Decision Says Title Loans Are Unconstitutional
Dan alerted me to the story. I want to say the judge is one hundred percent totally correct, and that his ruling is iron clad and unassailable. Because if title loans are unconstitutional then maybe I would not have to see any more of those stupid Title Max commercials.
I can’t say that, but I have changed my view about the opinion. I said in a comment to Dan’s post that I thought it was a bad decision. Now I’m not sure.
Here’s the important part of the news account:
St. Clair County Circuit Judge Charles Robinson Sr. ruled the act violates equal protection rights by allowing title loan companies to charge as much as 300 percent interest a year while restricting other lenders to 24 percent annually. . . .
Waites, a St. Clair County resident, took out the loan against his truck title in 1998, agreeing to pay 25 percent interest a month, or 300 percent a year. Express Enterprise repossessed and sold the truck when Waites quit paying after making nine consecutive $100 payments, saying the $900 had only gone to interest.
Robinson ruled the result of having one borrower pay 300 percent and others having their loans capped at 24 percent was “arbitrary and capricious, and ultimately discriminates” against both traditional lenders and those borrowers “for whom the usurious rate laws were meant to protect.”
“In effect, pawnbrokers are allowed to overcharge persons who would otherwise enter into loans subject to the Alabama Small Loan Act,” he wrote.
When the Legislature makes a classification, he said, it must not be “mere subterfuge to shield one class and burden another.”
I’m guessing, based on the language about the legislature making a classification, that the decision relies on the equal protection clause. Generally, whether a statute survives an equal protection challenge is determined primarily by the applicable standard of review. If a statute, for example, discriminated against black people, then “strict scrutiny” would apply and the statute would almost certainly fail.
But that only applies in a very small number of situations. This does not appear to be one of them. “Poor people” don’t get strict scrutiny, because the group is too amorphous to adequately define. Businesses like the “traditional lenders” identified by the judge don’t get strict scrutiny either. They are powerful enough to look out for their own interests.
So the judge should have applied the lowest standard of review: Rational basis. (There is an intermediate, but it is limited to gender classifications). That means if there is any conceivable reason for a classification, it withstands the constitutional challenge.
I think the judge probably applied rational basis, because he used terms like arbitrary, capricious, and subterfuge. Those are all key terms in this standard. So he got the first step correct.
The problem is that rational basis is a rubber stamp. The requirement is not that the actual reason has to be a good reason; it’s that there has to be some rational reason, even if it isn’t the actual one or even a good one. Also, the challenger bears the burden of proof, which means they have to prove a negative: NO rational basis.
So what was the classification?

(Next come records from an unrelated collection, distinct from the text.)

(* The block containing n+1 has the largest code, hence the last rank. *)
Lemma block_notin_max l : l < k.-1 -> ord_max \notin block_of P l.
Proof.
move=> lt_lk; have lt_lk' : l < k by apply: leq_trans lt_lk (leq_pred k).
have [lP rank_l] := blockP lt_lk'; have [/and3P[_ /trivIsetP disjP _] cardP] := P_part.
apply/negP => maxl.
have below : P :\ block_of P l \subset [set C in P | bincode C < bincode (block_of P l)].
  apply/subsetP => C; rewrite !inE => /andP[neq_Cl CP]; rewrite CP /=.
  apply: leq_trans (bincode_ge maxl); apply: bincode_lt => x xC.
  rewrite ltn_neqAle -ltnS ltn_ord andbT; apply/eqP => /val_inj eq_x.
  by have := disjointFr (disjP _ _ CP lP neq_Cl) xC; rewrite eq_x maxl.
have := subset_leq_card below; rewrite -/(code_rank P _) rank_l.
move: lt_lk; have := cardsD1 (block_of P l) P; rewrite lP cardP add1n => ->.
by rewrite ltn_predRL ltnS => lt_lc; rewrite leqNgt lt_lc.
Qed.

Definition part_family (l : 'I_k.-1) : {set 'I_n} := to_sub_n (block_of P l).

Let ltn_ord_k (l : 'I_k.-1) : l < k := leq_trans (ltn_ord l) (leq_pred k).

Lemma part_family_disjoint l l' x :
  x \in part_family l -> x \in part_family l' -> l = l'.
Proof.
rewrite !inE => xl xl'; apply: val_inj.
exact: (block_disjoint (ltn_ord_k l) (ltn_ord_k l') xl xl').
Qed.

Lemma part_family_neq0 l : part_family l != set0.
Proof.
have [lP _] := blockP (ltn_ord_k l); have [/and3P[_ _ P0] _] := P_part.
have /set0Pn[y yl] : block_of P l != set0 by apply: contraNneq P0 => <-.
have lt_yn : y < n.
  rewrite ltn_neqAle -ltnS ltn_ord andbT.
  apply: contraNneq (block_notin_max (ltn_ord l)) => eq_yn.
  by have <- : y = ord_max by apply: val_inj.
apply/set0Pn; exists (Ordinal lt_yn).
by rewrite inE (_ : widen_ord _ _ = y) //; apply: val_inj.
Qed.

Lemma part_family_code_mono (j l : 'I_k.-1) :
  j < l -> bincode (part_family j) < bincode (part_family l).
Proof.
move=> lt_jl; rewrite !bincode_to_sub_n ?(block_notin_max (ltn_ord _)) //.
exact: (block_code_mono lt_jl (ltn_ord_k l)).
Qed.

Lemma A_hyps_union_of i (f : 'I_k.-1 -> {set 'I_i}) :
  A_hyps f P = union_of part_family @: [set building_block f j | j : 'I_i].
Proof.
rewrite /A_hyps -imset_comp; apply: eq_imset => j; apply/setP => x.
rewrite /= inE /Aj.
by apply/bigcupP/bigcupP => -[l lj xl]; exists l; rewrite // ?inE in xl *.
Qed.

End KPartition.
(* Let $\mathscr{F}$ be a family of languages closed under union, product, Kleene closure and rational transductions. Let $S$ be a semigroup, $\sigma : X^+ \to S$ a choice of generators for $S$, $S^0$ the semigroup $S$ with a new zero $0$ adjoined, $Y = X \cup \{z\}$ for a new letter $z$, and $\tau : Y^+ \to S^0$ the extension of $\sigma$ with $z\tau = 0$. Then $L_\sigma(S) \in \mathscr{F}$ if and only if $L_\tau(S^0) \in \mathscr{F}$.
   Context: For a semigroup $S$, $S^1$ denotes the monoid obtained by adjoining a new identity $1$ (even if $S$ already has one). A choice of generators for $S$ is a surjective morphism $\sigma : X^+ \to S$ from a free semigroup; it extends uniquely to $\sigma^1 : X^* \to S^1$. Let $\overline{X} = \{\overline{x} : x \in X\}$ be a set of formal inverses, $\hat{X} = X \cup \overline{X}$. The loop automaton of $S$ with respect to $\sigma$ is the directed labelled graph with vertex set $S^1$, having for each $a \in S^1$ and $x \in X$ an edge from $a$ to $a(x\sigma)$ labelled $x$ and an edge from $a(x\sigma)$ to $a$ labelled $\overline{x}$. The loop problem $L_\sigma(S) \subseteq \hat{X}^*$ is the set of words labelling paths from $1$ to $1$ in this graph (including the empty word). A rational transduction is a relation between free monoids realised by a finite-state transducer; the image of a language under it is the set of outputs paired with inputs from the language. *)

From mathcomp Require Import all_boot.
Set Implicit Arguments. Unset Strict Implicit. Unset Printing Implicit Defensive.

Definition language (A : finType) := seq A -> Prop.

Definition lang_family := forall A : finType, language A -> Prop.
Lemma tiling_fsetD V a s : a \in blocks V ->
  tiling (V `\` B a) s = tiling V (lab a :: s).
Proof.
move=> aV; rewrite /tiling tiled_fsetD // blocks_fsetD // -rem_filter ?blocks_uniq //.
by rewrite (permPl (perm_map lab (perm_to_rem aV))) /= perm_cons.
Qed.

Lemma tiling_nil V : tiling V [::] = (V == fset0).
Proof.
apply/idP/eqP => [/andP[tV /perm_nilP /(congr1 size)] | ->].
  rewrite size_map => /size0nil b0; apply/eqP; rewrite -fsubset0.
  by move: tV; rewrite /tiled b0 big_nil.
rewrite /tiling /tiled fsub0set /=.
suff -> : blocks fset0 = [::] by [].
rewrite /blocks (@eq_in_filter _ _ pred0) ?filter_pred0 // => a.
by rewrite mem_iota fsubset0 => /= aN; apply/negbTE/B_neq0.
Qed.

Lemma sum_tiled V (f : nat -> nat) : tiled V ->
  \sum_(y <- V) f y = \sum_(a <- blocks V) \sum_(y <- B a) f y.
Proof.
move=> /tiledP tV.
transitivity (\sum_(a <- blocks V) \sum_(y <- V | y \in B a) f y); last first.
  apply: eq_big_seq => a; rewrite mem_blocks => /andP[_ BaV].
  rewrite big_fset_condE; apply: eq_fbigl => y.
  by rewrite !inE /= andb_idl // => /(fsubsetP BaV).
rewrite (exchange_big_dep xpredT) //=; apply: eq_big_seq => y /tV[a aV ya].
rewrite big_mkcond (bigD1_seq a) ?blocks_uniq //= ya big1_seq ?addn0 // => b /andP[ba bV].
case: ifP => // yb; exfalso; move: aV bV; rewrite !mem_blocks => /andP[aN _] /andP[bN _].
by have /fdisjointP/(_ y yb) := B_disjoint bN aN ba; rewrite ya.
Qed.

Lemma inv_count_tiled A V : tiled V ->
  inv_count A V = \sum_(b <- blocks V) inv_count A (B b).
Proof.
move=> tV; rewrite /inv_count exchange_big sum_tiled //.
by apply: eq_bigr => b _; rewrite exchange_big.
Qed.

Lemma inv_count_block_even V a : a \in blocks V -> tiled V ->
  ~~ odd (inv_count (B a) (V `\` B a)).
Proof.
move=> aV tV; rewrite inv_count_tiled ?tiled_fsetD // -dvdn2 big_seq.
apply: dvdn_sum => b; rewrite blocks_fsetD // mem_filter => /andP[ba bV].
move: aV bV; rewrite !mem_blocks dvdn2 => /andP[aN _] /andP[bN _].
by rewrite B_inv_even // eq_sym.
Qed.

Lemma grass_prod_block_sumE s V :
  grass_prod (map block_sum s) V = ((if tiling V s then mfact s else 0)%:R)%R.
Proof.
elim: s V => [|g s IHs] V /=; first by rewrite tiling_nil /grass_one; case: eqP.
rewrite grass_mul_block_sum.
transitivity (\sum_(a <- blocks V | lab a == g)
                (if tiling V (g :: s) then mfact s else 0)%:R : F)%R.
  rewrite big_seq_cond [RHS]big_seq_cond; apply: eq_bigr => a /andP[aV /eqP <-].
  rewrite IHs tiling_fsetD //; case: ifP => [/andP[tV _] | _]; last by rewrite mulr0.
  by rewrite -signr_odd (negbTE (inv_count_block_even aV tV)) mul1r.
case: ifP => [/andP[_ /permP labV] | _]; last by rewrite big1.
rewrite big_const_seq iter_addr_0 -mulrnA mulnC -(count_map lab (pred1 g)) labV /=.
by rewrite eqxx.
Qed.

Lemma block_sum_neq0 g S : block_sum g S != 0%R ->
  exists2 a, a < N & lab a = g /\ S = B a.
Proof.
move=> nz; pose is_a a := (lab a == g) && (S == B a).
have [/hasP[a] | /hasPn none] := boolP (has is_a (iota 0 N)).
  by rewrite mem_iota => aN /andP[/eqP la /eqP eS]; exists a.
move: nz; rewrite /block_sum big_seq_cond big1 ?eqxx // => a /andP[aN la].
by have := none a aN; rewrite /is_a la /= => /negbTE ->.
Qed.

Lemma grass_hom_block_sum k e g :
  (forall a, a < N -> lab a = g -> kdeg k (B a) = e) -> grass_hom k e (block_sum g).
Proof.
move=> kdegB; split => [|S /block_sum_neq0[a aN [la ->]]]; last exact: kdegB.
exists (map B (iota 0 N)) => S /block_sum_neq0[a aN [_ ->]].
by rewrite map_f // mem_iota.
Qed.

Lemma tiling_bigcup : tiling (\bigcup_(a <- iota 0 N) B a) (map lab (iota 0 N)).
Proof.
rewrite /tiling /tiled.
have -> : blocks (\bigcup_(a <- iota 0 N) B a) = iota 0 N.
  by apply/all_filterP/allP => a aN; apply: bigfcup_sup.
by rewrite fsubset_refl perm_refl.
Qed.

End BlockProducts.

Section SegmentBlocks.
Variables (k : nat) (d : nat -> nat).

Definition offset a := \sum_(0 <= b < a) d b.

Definition segment a := iota (offset a) (d a).

Definition segment_block a : {fset nat} := mirror_fset k (segment a).

Lemma offset_leq a b : a < b -> offset a + d a <= offset b.
Proof.
move=> ab; rewrite /offset (@big_cat_nat _ _ _ a.+1 0 b) //=.
by rewrite big_nat_recr //= leq_addr.
Qed.

Lemma segment_disjoint a b : a != b -> {in segment a & segment b, forall x y, x != y}.
Proof.
move=> ab x y; rewrite !mem_iota.
by have := @offset_leq a b; have := @offset_leq b a; move: ab; rewrite neq_ltn; lia.
Qed.

Variable N : nat.
Hypothesis offset_N : offset N <= k.

Lemma segment_lt a : a < N -> {in segment a, forall x, x < k}.
Proof.
move=> aN x; rewrite mem_iota => /andP[_ xlt].
by apply: leq_trans xlt (leq_trans (offset_leq aN) offset_N).
Qed.

Lemma segment_block_disjoint a b : a < N -> b < N -> a != b ->
  [disjoint segment_block a & segment_block b].
Proof.
by move=> aN bN ab; apply: mirror_fset_disjoint; [apply: segment_lt.. | apply: segment_disjoint].
Qed.

Lemma segment_block_inv_even a b : a < N -> b < N -> a != b ->
  ~~ odd (inv_count (segment_block a) (segment_block b)).
Proof.
move=> aN bN ab; apply: inv_count_mirror_fset_even; rewrite ?iota_uniq //.
- exact: segment_lt.
- exact: segment_lt.
- exact: segment_disjoint.
Qed.

Lemma segment_block_neq0 a : 0 < d a -> segment_block a != fset0.
Proof.
move=> da; apply/fset0Pn; exists (offset a).
by rewrite mem_mirror_fset mem_iota leqnn -{1}[offset a]addn0 ltn_add2l da.
Qed.

Lemma kdeg_segment_block a : a < N -> kdeg k (segment_block a) = d a.
Proof. by move=> aN; rewrite kdeg_mirror_fset ?iota_uniq ?size_iota //; apply: segment_lt. Qed.

End SegmentBlocks.

Definition monomial_word k (l : nat -> nat) (r : nat -> nat -> nat) : seq (nat * nat) :=
  flatten [seq flatten [seq nseq (r i t) (i, t) | t <- iota 0 (l i)] | i <- iota 1 k].

Lemma eval_monomialE (F : fieldType) k l r (v : nat -> nat -> grass F) :
  eval_monomial k l r v = grass_prod [seq v h.1 h.2 | h <- monomial_word k l r].
Proof.
rewrite /eval_monomial /monomial_word map_flatten -map_comp.
congr (grass_prod (flatten _)); apply: eq_map => i /=.
by rewrite map_flatten -map_comp; congr flatten; apply: eq_map => t /=; rewrite map_nseq.
Qed.

Section MonomialWord.
Variables (k : nat) (l : nat -> nat) (r : nat -> nat -> nat).

Lemma mem_monomial_word h : h \in monomial_word k l r -> 0 < h.1 <= k /\ h.2 < l h.1.
Proof.
case/flattenP => _ /mapP[i ik ->] /flattenP[_ /mapP[t tl ->]] /nseqP[-> _].
by move: ik tl; rewrite !mem_iota /=; lia.
Qed.

Lemma count_monomial_word i t : 0 < i <= k -> t < l i ->
  count_mem (i, t) (monomial_word k l r) = r i t.
Proof.
move=> ik tl; have i_k : i \in iota 1 k by rewrite mem_iota; lia.
have t_l : t \in iota 0 (l i) by rewrite mem_iota.
rewrite count_flatten sumnE !big_map (bigD1_seq i) ?iota_uniq //=.
rewrite big1_seq ?addn0 => [|j /andP[ji _]]; last first.
  rewrite count_flatten sumnE !big_map big1 // => s _.
  by rewrite count_nseq /= xpair_eqE (negbTE ji).
rewrite count_flatten sumnE !big_map (bigD1_seq t) ?iota_uniq //=.
rewrite count_nseq /= eqxx mul1n big1_seq ?addn0 // => s /andP[st _].
by rewrite count_nseq /= xpair_eqE eqxx (negbTE st).
Qed.

Lemma sum_monomial_word :
  \sum_(h <- monomial_word k l r) h.1 = \sum_(1 <= i < k.+1) i * \sum_(0 <= t < l i) r i t.
Proof.
rewrite big_flatten big_map /index_iota subSS subn0; apply: eq_bigr => i _.
rewrite big_flatten big_map big_distrr subn0; apply: eq_bigr => t _.
by rewrite big_nseq iter_addn_0.
Qed.

End MonomialWord.

Unset Implicit Arguments.
Local Open Scope ring_scope.

Theorem mainTheorem7 (F : fieldType) (p : nat)
  (F_infinite : forall s : seq F, exists x : F, x \notin s)
  (charF : p \in [pchar F]) (p_gt2 : (2 < p)%N)
  (k : nat) (k_gt0 : (0 < k)%N)
  (l : nat -> nat) (r : nat -> nat -> nat)
  (hdeg : (\sum_(1 <= i < k.+1) i * \sum_(0 <= t < l i) r i t <= k)%N)
  (hp : forall i t, (1 <= i <= k)%N -> (t < l i)%N -> (r i t < p)%N) :
  exists v : nat -> nat -> grass F,
    (forall i t, (1 <= i <= k)%N -> (t < l i)%N -> grass_hom k i (v i t)) /\
    eval_monomial k l r v <> grass_zero F.
Proof.
pose w := monomial_word k l r; pose N := size w.
pose lab a := nth (0, 0)%N w a; pose d a := (lab a).1; pose B := segment_block k d.
have d_gt0 a : (a < N)%N -> (0 < d a)%N.
  by move=> aN; have [/andP[]] := mem_monomial_word (mem_nth (0, 0)%N aN).
have offset_N : (offset d N <= k)%N.
  by move: hdeg; rewrite -sum_monomial_word (big_nth (0, 0)%N).
exists (fun i t => block_sum F N lab B (i, t)); split.
  move=> i t _ _; apply: grass_hom_block_sum => a aN lab_a.
  by rewrite (kdeg_segment_block offset_N aN) /d lab_a.
rewrite eval_monomialE.
have -> : [seq block_sum F N lab B (h.1, h.2) | h <- w] = map (block_sum F N lab B) w.
  by apply: eq_map => -[].
move=> /(congr1 (fun x => x (\bigcup_(a <- iota 0 N) B a))).
have B_neq0 a : (a < N)%N -> B a != fset0 by move/d_gt0; apply: segment_block_neq0.
have lab_w : map lab (iota 0 N) = w := mkseq_nth (0, 0)%N w.
rewrite (grass_prod_block_sumE F lab B_neq0 (segment_block_disjoint offset_N)
          (segment_block_inv_even offset_N)).
rewrite -{1}lab_w tiling_bigcup /grass_zero; apply/eqP.
rewrite -(dvdn_pcharf charF); apply: prime_ndvd_mfact (pcharf_prime charF) _ => -[i t] itw.
by have [ik tl] := mem_monomial_word itw; rewrite count_monomial_word // hp.
Qed.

Alabama’s Small Loans Act caps interest on loans of $1,000.00 or less. (Ala. Code 5-18-5(a)). However, the act exempts pawn transactions. (Ala. Code 5-18-4(b)).
In 1993, the Alabama Supreme Court had to decide in which category title loans belonged. Section 5-19A-2(3) of the code defines a pawn transaction as follows:
Any loan on the security of pledged goods or any purchase of pledged goods on condition that the pledged goods are left with the pawnbroker and may be redeemed or repurchased by the seller for a fixed price within a fixed period of time.
In these title loans, in exchange for cash the borrower gives the title and the keys to the lender. The borrower gets the vehicle back by paying X amount by Y date. So we have the loan, the security, and the redemption. The only question is whether the title counts as a good left with the pawnbroker. If so, then the transaction is a pawn transaction exempt from the small loan limits.
The Alabama Supreme Court (Floyd v. Title Exchange and Pawn of Anniston, 620 So.2d 576 (Ala. 1993)) basically said it did not know whether or not the title was a good. And because of that uncertainty, it held that the act did NOT cover title loans. The court held that because title loans had never been regulated, that the legislature would have to clearly include them. The statute did not do so, and thus the court held that they were not included.
So the legislature did not really exempt title loans; they exempted pawn transactions. The court decided that pawn transactions include title loans. Hence, they get exempted as well.
I’m sure there is a rational basis for exempting the usual pawn transaction. It’s normally a small amount of money, and probably the customer usually views it as a sale. They are not going to redeem it anyway, so it does not matter what the interest is. If this was just about the usual pawn transaction, it would clearly pass rational basis review.
But title loans are different. Folks need their cars and the amount of money is significant. It seems like all the same concerns that motivated the small loans cap ought to apply with equal force to title loans. Furthermore, though this does not really matter to rational basis review, it does not appear that the legislature really considered the issue of title loans.
So maybe there is no rational basis for the distinction. That isn’t to say that regulating interests rates is a good idea. But once they regulate them, they need to do so rationally.
I’m no economist, so anyone out their familiar with economics, or banking, or whatever, let us know if there is a rational reason to regulate small loans but not title loans.